You are viewing a plain text version of this content. The canonical link for it is here.
Posted to commits@mxnet.apache.org by GitBox <gi...@apache.org> on 2018/01/21 14:16:12 UTC
[GitHub] wkcn opened a new issue #9511: set_lr_mult() or set_wd_mult() is invalid if not setting param_idx2name for the optimizer
wkcn opened a new issue #9511: set_lr_mult() or set_wd_mult() is invalid if not setting param_idx2name for the optimizer
URL: https://github.com/apache/incubator-mxnet/issues/9511
## Description
Hi, all.
I found a problem that I have to set **param_idx2name** for the optimizer if I want to **set lr_mult or wd_mult**.
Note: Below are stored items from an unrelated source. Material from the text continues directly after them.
Lemma fps_mul_eqlt N a a' b b' :
  fps_eqlt N a a' -> fps_eqlt N b b' -> fps_eqlt N (fps_mul a b) (fps_mul a' b').
Proof.
move=> eq_a eq_b i j lt_iN lt_jN; apply: eq_bigr => p _; apply: eq_bigr => q _.
have := ltn_ord p; have := ltn_ord q; rewrite !ltnS => le_qj le_pi.
by rewrite eq_a ?eq_b //; lia.
Qed.

Definition trunc N (a : fps) : poly2 := \poly_(j < N) \poly_(i < N) a i j.

Lemma coef2_trunc N a : fps_eqlt N (coef2 (trunc N a)) a.
Proof. by move=> i j lt_iN lt_jN; rewrite /coef2 coef_poly lt_jN coef_poly lt_iN. Qed.

Section PairSeries.
Variables (N : nat) (F : poly2).
Hypothesis F00 : coef2 F 0 0 = 0.
Hypothesis F_funeq : fps_eqlt N (coef2 F) (coef2 ((yvar + F) * (zvar + F))).

Lemma coef2F_0j j : (j < N)%N -> coef2 F 0 j = 0.
Proof.
elim/ltn_ind: j => j IHj lt_jN; rewrite F_funeq ?(leq_ltn_trans _ lt_jN) //.
rewrite coef2M /fps_mul big_ord1 big1 // => q _.
rewrite /= subn0 !coef2D coef2_yvar coef2_zvar /fps_y /fps_z /= add0r.
have := ltn_ord q; rewrite ltnS leq_eqVlt => /predU1P [->|lt_qj].
  by rewrite subnn F00 addr0 mulr0.
by rewrite (IHj q) ?mul0r //; lia.
Qed.

Lemma coef2_FX_lt p d i j : (i < d)%N -> (j < N)%N -> coef2 (p * F ^+ d) i j = 0.
Proof.
elim: d i j => [//|d IHd] i j lt_id lt_jN.
rewrite exprSr mulrA coef2M /fps_mul big1 // => a _; rewrite big1 // => b _.
have := ltn_ord a; have := ltn_ord b; rewrite !ltnS => le_bj le_ai.
case: (ltnP a d) => [lt_ad | le_da]; first by rewrite IHd ?mul0r //; lia.
by rewrite (_ : (i - a = 0)%N) ?coef2F_0j ?mulr0 //; lia.
Qed.

Lemma coef2_FX_shift p d s j : (j < N)%N ->
  coef2 (p * F ^+ d.+1) (s + d)%N j =
  yshift (fun s j => coef2 (p * F ^+ d.+1) (s + d.+1)%N j) s j.
Proof. by case: s => [|s] lt_jN /=; [rewrite coef2_FX_lt | rewrite addSnnS]. Qed.

Definition pair_series := yvar + zvar + F *+ 2.

Lemma coef_rec_pair_series :
  coef_rec N (fun k d s j => coef2 (pair_series ^+ k * F ^+ d) (s + d)%N j).
Proof.
split=> [s j | k s j lt_sN lt_jN | k d s j lt_sdN lt_jN].
- by rewrite mulr1 addn0 coef2_1 /fps_one; case: (_ && _).
- rewrite exprS mulr1 addn0.
  have -> : pair_series * pair_series ^+ k = yvar * pair_series ^+ k +
      zvar * pair_series ^+ k + (pair_series ^+ k * F ^+ 1) *+ 2.
    by rewrite /pair_series; ring.
  rewrite coef2D coef2Mn coef2D coef2_yvarM coef2_zvarM.
  rewrite -[s in coef2 _ s]addn0 coef2_FX_shift //.
  by case: s {lt_sN}; case: j {lt_jN} => * /=; rewrite ?expr0 ?mulr1 ?addn0.
- set q := pair_series ^+ k * F ^+ d; set q1 := pair_series ^+ k * F ^+ d.+1.
  rewrite {1}/q1 exprSr mulrA -/q coef2M.
  rewrite (fps_mul_eqlt (@fps_eqlt_refl N (coef2 q)) F_funeq) -?coef2M //; try lia.
  have -> : q * ((yvar + F) * (zvar + F)) =
      yvar * (zvar * q) + yvar * q1 + zvar * q1 + pair_series ^+ k * F ^+ d.+2.
    by rewrite /q /q1 !exprS; ring.
  rewrite !coef2D (coef2_FX_shift _ d.+1) // !coef2_yvarM !coef2_zvarM addnS /=.
  rewrite /q1 coef2_FX_shift // coef2_zvarM.
  by case: j {lt_jN} => [|j] /=; rewrite ?addnS.
Qed.
End PairSeries.

Definition poly_L : poly2 := 1 - yvar - zvar.
Definition poly_disc : poly2 := poly_L * poly_L - (yvar * zvar) *+ 4.

Lemma coef2_poly_L i j : coef2 poly_L i j = fps_L i j.
Proof. by rewrite !coef2B coef2_1 coef2_yvar coef2_zvar. Qed.

Lemma coef2_poly_disc N : fps_eqlt N (coef2 poly_disc) fps_disc.
Proof.
have eqL : fps_eqlt N (coef2 poly_L) fps_L by move=> *; apply: coef2_poly_L.
have eqY : fps_eqlt N (coef2 yvar) fps_y by move=> *; apply: coef2_yvar.
have eqZ : fps_eqlt N (coef2 zvar) fps_z by move=> *; apply: coef2_zvar.
move=> i j lt_iN lt_jN; rewrite coef2B coef2Mn -mulr_natl !coef2M.
by rewrite (fps_mul_eqlt eqL eqL) ?(fps_mul_eqlt eqY eqZ).
Qed.

Section TruncatedRoot.
Variables (g : fps) (N : nat).
Hypothesis g00 : g 0%N 0%N = 1.
Hypothesis g_sqr : forall i j, fps_mul g g i j = fps_disc i j.
Hypothesis N_gt0 : (0 < N)%N.
Let f := fps_scale (1 / 2) (fps_sub fps_L g).
Let F := trunc N f.

Lemma coef2_trunc_f00 : coef2 F 0 0 = 0.
Proof.
rewrite coef2_trunc // /f /fps_scale /fps_sub /fps_L /fps_sub g00.
by rewrite /fps_one /fps_y /fps_z /=; field.
Qed.

Lemma coef2_sqrt : fps_eqlt N (coef2 (poly_L - F *+ 2)) g.
Proof.
move=> i j lt_iN lt_jN.
rewrite coef2B coef2Mn coef2_poly_L coef2_trunc // /f /fps_scale /fps_sub.
by rewrite -mulr_natl; field.
Qed.

Lemma trunc_f_funeq : fps_eqlt N (coef2 F) (coef2 ((yvar + F) * (zvar + F))).
Proof.
move=> i j lt_iN lt_jN; apply/eqP; rewrite eq_sym -subr_eq0 -coef2B.
have : coef2 ((poly_L - F *+ 2) * (poly_L - F *+ 2) - poly_disc) i j = 0.
  rewrite coef2B coef2M (fps_mul_eqlt coef2_sqrt coef2_sqrt) // g_sqr.
  by rewrite (coef2_poly_disc (N := N)) // subrr.
have -> : (poly_L - F *+ 2) * (poly_L - F *+ 2) - poly_disc =
    ((yvar + F) * (zvar + F) - F) *+ 4.
  by rewrite /poly_disc /poly_L; ring.
by rewrite coef2Mn -mulr_natl => /eqP; rewrite mulf_eq0 pnatr_eq0 => /eqP ->.
Qed.

Lemma fps_pow_coef2 k :
  fps_eqlt N (fps_pow (fps_add (fps_add fps_y fps_z) (fps_scale 2 f)) k)
             (coef2 (pair_series F ^+ k)).
Proof.
elim: k => [|k IHk] i j lt_iN lt_jN; first by rewrite coef2_1.
rewrite exprS coef2M /=; apply: fps_mul_eqlt IHk _ _ lt_iN lt_jN => {}i {}j lt_iN lt_jN.
rewrite /pair_series coef2D coef2Mn coef2D coef2_yvar coef2_zvar coef2_trunc //.
by rewrite /fps_add /fps_scale mulr_natl.
Qed.
End TruncatedRoot.
(* Let $\vec a\in\mathbb R^4\setminus\{0\}$, let $V\in\mathfrak X(\mathbb S^3)$ be the proper conformal vector field $V(p)=\vec a-\langle\vec a,p\rangle p$, let $q\neq0$, and let $\gamma\colon I\to\mathbb S^3$ be a curve parametrized by arc-length which is a conformal trajectory of $V$. Then there exist $a_1,a_2\in\mathbb R$ such that $$\langle\gamma(s),\vec a\rangle=a_1\cos s+a_2\sin s\quad\text{for all }s\in I.$$ If $\gamma$ is a geodesic, then $\gamma(s)=\cos(s)\,\vec v+\sin(s)\,\vec w$ for orthonormal vectors $\vec v,\vec w\in\mathbb R^4$ with $\vec a\in\operatorname{span}\{\vec v,\vec w\}$; that is, $\gamma$ is (an arc of) the great circle obtained by intersecting $\mathbb S^3$ with a $2$-plane through the origin containing $\vec a$. If $\gamma$ is not a geodesic, then its curvature is constant, $\kappa=|q|\sqrt{|\vec a|^2-(a_1^2+a_2^2)}$, and its torsion is $\tau(s)=-q\,(a_1\sin s-a_2\cos s)$.
   Context: $\mathbb S^3=\{p\in\mathbb R^4:|p|=1\}$ with the metric induced by the Euclidean inner product $\langle\cdot,\cdot\rangle$ of $\mathbb R^4$; its Levi-Civita connection is $\nabla$, so for a unit-speed curve $\nabla_{\gamma'}\gamma'=\gamma''+\gamma$. The cross product of $u,v\in T_p\mathbb S^3$ is the unique $u\times v\in T_p\mathbb S^3$ with $\langle u\times v,w\rangle=\det(u,v,w,p)$ for all $w\in T_p\mathbb S^3$. For a fixed real $q\neq0$, a conformal trajectory of $V$ is a regular curve with $\nabla_{\gamma'}\gamma'=q\,V\times\gamma'$. Frenet frame of a non-geodesic unit-speed curve: $T=\gamma'$, $\nabla_TT=\kappa N$ with $\kappa>0$, $B=T\times N$, $\nabla_TN=-\kappa T+\tau B$, $\nabla_TB=-\tau N$; $\kappa$ is the curvature, $\tau$ the torsion. *)

From HB Require Import structures.
From mathcomp Require Import all_boot all_order all_algebra.
From mathcomp Require Import all_classical all_reals all_analysis.
Set Implicit Arguments. Unset Strict Implicit. Unset Printing Implicit Defensive.
Import Order.TTheory GRing.Theory Num.Theory.
Import numFieldNormedType.Exports.
Local Open Scope ring_scope.
Local Open Scope classical_set_scope.
Lemma nle_idem_idem a e : idem e -> le a e -> idem a.
Proof. by move=> He ->; apply: idem_mul => //; apply: idem_Vmul. Qed.

Lemma nle_idemE a e : idem a -> le a e -> a = e ** a.
Proof. by move=> Ha Hle; rewrite {1}Hle (inv_idem Ha) Ha. Qed.

Lemma join_unique A x y : is_join mul inv A x -> is_join mul inv A y -> x = y.
Proof. by move=> [Jx1 Jx2] [Jy1 Jy2]; apply: nle_anti; [apply: Jx2 | apply: Jy2]. Qed.

Lemma idem_glb_unique e f m1 m2 :
  idem_glb mul inv e f m1 -> idem_glb mul inv e f m2 -> m1 = m2.
Proof.
by move=> [I1 [L1 [R1 G1]]] [I2 [L2 [R2 G2]]]; apply: nle_anti; [apply: G2 | apply: G1].
Qed.

Lemma idem_lub_unique e f m1 m2 :
  idem_lub mul inv e f m1 -> idem_lub mul inv e f m2 -> m1 = m2.
Proof.
by move=> [I1 [L1 [R1 G1]]] [I2 [L2 [R2 G2]]]; apply: nle_anti; [apply: G1 | apply: G2].
Qed.

Lemma idem_glb_mul e f : idem e -> idem f -> idem_glb mul inv e f (e ** f).
Proof.
move=> He Hf; split; first exact: idem_mul.
split; first exact: nle_mul_idem.
split; first by rewrite (idem_comm He Hf); apply: nle_mul_idem.
move=> g Hg Hge Hgf; rewrite /nle (inv_idem Hg) Hg -mulA -(nle_idemE Hg Hgf).
exact: nle_idemE.
Qed.

Lemma compatible_refl a : compatible mul inv a a.
Proof. by split; [apply: idem_Vmul | apply: idem_mulV]. Qed.

Lemma compatible_sym a b : compatible mul inv a b -> compatible mul inv b a.
Proof.
have idemV x : idem x -> idem (inv x) by move=> Ix; rewrite (inv_idem Ix).
by move=> [Hab Hab']; split; [move: (idemV _ Hab) | move: (idemV _ Hab')];
  rewrite invM invK.
Qed.

Lemma compatible_set2 a b :
  compatible mul inv a b -> compatible_set mul inv [set a; b].
Proof.
move=> Hab x y /set2P[]-> /set2P[]->;
  by [apply: compatible_refl | | apply: compatible_sym].
Qed.

Lemma compatible_idem a b : idem a -> idem b -> compatible mul inv a b.
Proof.
move=> Ia Ib.
by split; rewrite /Defs.idempotent ?(inv_idem Ia) ?(inv_idem Ib); apply: idem_mul.
Qed.

Definition idem_central s : Prop := forall e, idem e -> s ** e = e ** s.

Lemma nle_central a s : idem_central s -> le a s -> idem_central a.
Proof.
move=> Cs -> e Ie.
by rewrite -mulA (idem_comm (idem_Vmul a) Ie) mulA (Cs _ Ie) -mulA.
Qed.

Lemma central_mulV a : idem_central a -> a ** inv a = inv a ** a.
Proof.
move=> Ca.
have E1 : a ** inv a = inv a ** a ** (a ** inv a).
  by rewrite mulA -(Ca _ (idem_Vmul a)) mulA mulVmul.
have E2 : inv a ** a = inv a ** a ** (a ** inv a).
  by rewrite -mulA (Ca _ (idem_mulV a)) mulVmul.
by rewrite {1}E1 -E2.
Qed.

Section Zero.
Variable zero : T.
Hypothesis mul0l : left_zero zero mul.
Hypothesis mul0r : right_zero zero mul.
Local Notation atom := (atom mul inv zero).

Lemma zero_nle a : le zero a.
Proof. by rewrite /nle !mul0r. Qed.

Definition below s : {set T} := [set t | t == s ** (inv t ** t)].

Lemma belowP s t : reflect (le t s) (t \in below s).
Proof. by rewrite inE; apply: eqP. Qed.

Lemma below_proper s t : le t s -> t <> s -> below t \proper below s.
Proof.
move=> ts nts; apply/properP; split.
  by apply/subsetP => r /belowP rt; apply/belowP; apply: nle_trans ts.
by exists s; apply/belowP; [apply: nle_refl | move=> st; apply: nts; apply: nle_anti].
Qed.

(* A nonzero element with the fewest elements below it is an atom. *)
Lemma exists_atom_below u : u <> zero -> exists2 b, atom b & le b u.
Proof.
move=> u0; pose P t := (t != zero) && (t \in below u).
have Pu : P u by apply/andP; split; [apply/eqP | apply/belowP; apply: nle_refl].
case: (arg_minnP (fun t => #|below t|) Pu) => b /andP[/eqP b0 /belowP bu] bmin.
exists b => //; split=> // t tb.
case: (eqVneq t zero) => [|t0]; [by left | right].
case: (eqVneq t b) => // /eqP ntb.
have Pt : P t by rewrite /P t0; apply/belowP; apply: nle_trans bu.
by move: (bmin t Pt); rewrite leqNgt (proper_card (below_proper tb ntb)).
Qed.

Lemma atom_mul_idem a e : atom a -> idem e -> a ** e = zero \/ a ** e = a.
Proof. by move=> Aa Ie; apply: Aa.2; apply: nle_mul_idem. Qed.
**If not setting param_idx2name, the set_lr_mult() and set_wd_mult() are both invalid, but there is no any prompt**.
However, **it's difficult to define param_idx2name because kvstore and multi-GPU**.
## Environment info (Required)
Operation System: Arch Linux 4.14.13
MXNet: [20fbda6](https://github.com/apache/incubator-mxnet/commit/20fbda6c9d15ba903fc6416baa7eecf79ab38f1b)
Python: 2.7.14/3.6.4
## Build info (Required if built from source)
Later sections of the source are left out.